Entries shown:
Theorem lemma4p5 (n : nat) (T : seq obj) :
  2 <= n ->
  all (valid n) T -> uniq T -> size T = n - 1 -> maximal_rigid n T ->
  (1, n - 1) \in T ->
  forall X Y : obj,
  inF n X -> inF n Y ->
  X \notin map (tau n) T -> Y \notin map (tau n) T ->
  forall sTX sTY sDX sDY : option str,
  is_sigma n T RT X sTX -> is_sigma n T RT Y sTY ->
  is_sigma n T RD X sDX -> is_sigma n T RD Y sDY ->
  sTX = sTY -> sDX = sDY -> X = Y.
Proof.
move=> n2 validT _ _ maxT topT X Y FX FY tX tY sTX sTY sDX sDY TX TY DX DY eT eD.
subst sTY sDY.
have wingT := summand_in_wing n2 validT maxT topT.
have min_coverT := exists_min_cover n2 validT maxT topT.
have [hX hY] := (inF_boundsP FX, inF_boundsP FY).
apply: (same_traces_eq n2 wingT topT min_coverT hX hY).
- exact: avoids_tau_of_notin n2 tX.
- exact: avoids_tau_of_notin n2 tY.
apply: same_traces_of_supports n2 wingT hX hY _ _.
- exact: is_sigma_support_eq TX TY.
- exact: is_sigma_support_eq DX DY.
Qed.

Problem details:
The records above need to be retyped in full, exactly as given.

Exercise result:
Theorem lemma4p5 (n : nat) (T : seq obj) :
  2 <= n ->
  all (valid n) T -> uniq T -> size T = n - 1 -> maximal_rigid n T ->
  (1, n - 1) \in T ->
  forall X Y : obj,
  inF n X -> inF n Y ->
  X \notin map (tau n) T -> Y \notin map (tau n) T ->
  forall sTX sTY sDX sDY : option str,
  is_sigma n T RT X sTX -> is_sigma n T RT Y sTY ->
  is_sigma n T RD X sDX -> is_sigma n T RD Y sDY ->
  sTX = sTY -> sDX = sDY -> X = Y.
Proof.
move=> n2 validT _ _ maxT topT X Y FX FY tX tY sTX sTY sDX sDY TX TY DX DY eT eD.
subst sTY sDY.
have wingT := summand_in_wing n2 validT maxT topT.
have min_coverT := exists_min_cover n2 validT maxT topT.
have [hX hY] := (inF_boundsP FX, inF_boundsP FY).
apply: (same_traces_eq n2 wingT topT min_coverT hX hY).
- exact: avoids_tau_of_notin n2 tX.
- exact: avoids_tau_of_notin n2 tY.
apply: same_traces_of_supports n2 wingT hX hY _ _.
- exact: is_sigma_support_eq TX TY.
- exact: is_sigma_support_eq DX DY.
Qed.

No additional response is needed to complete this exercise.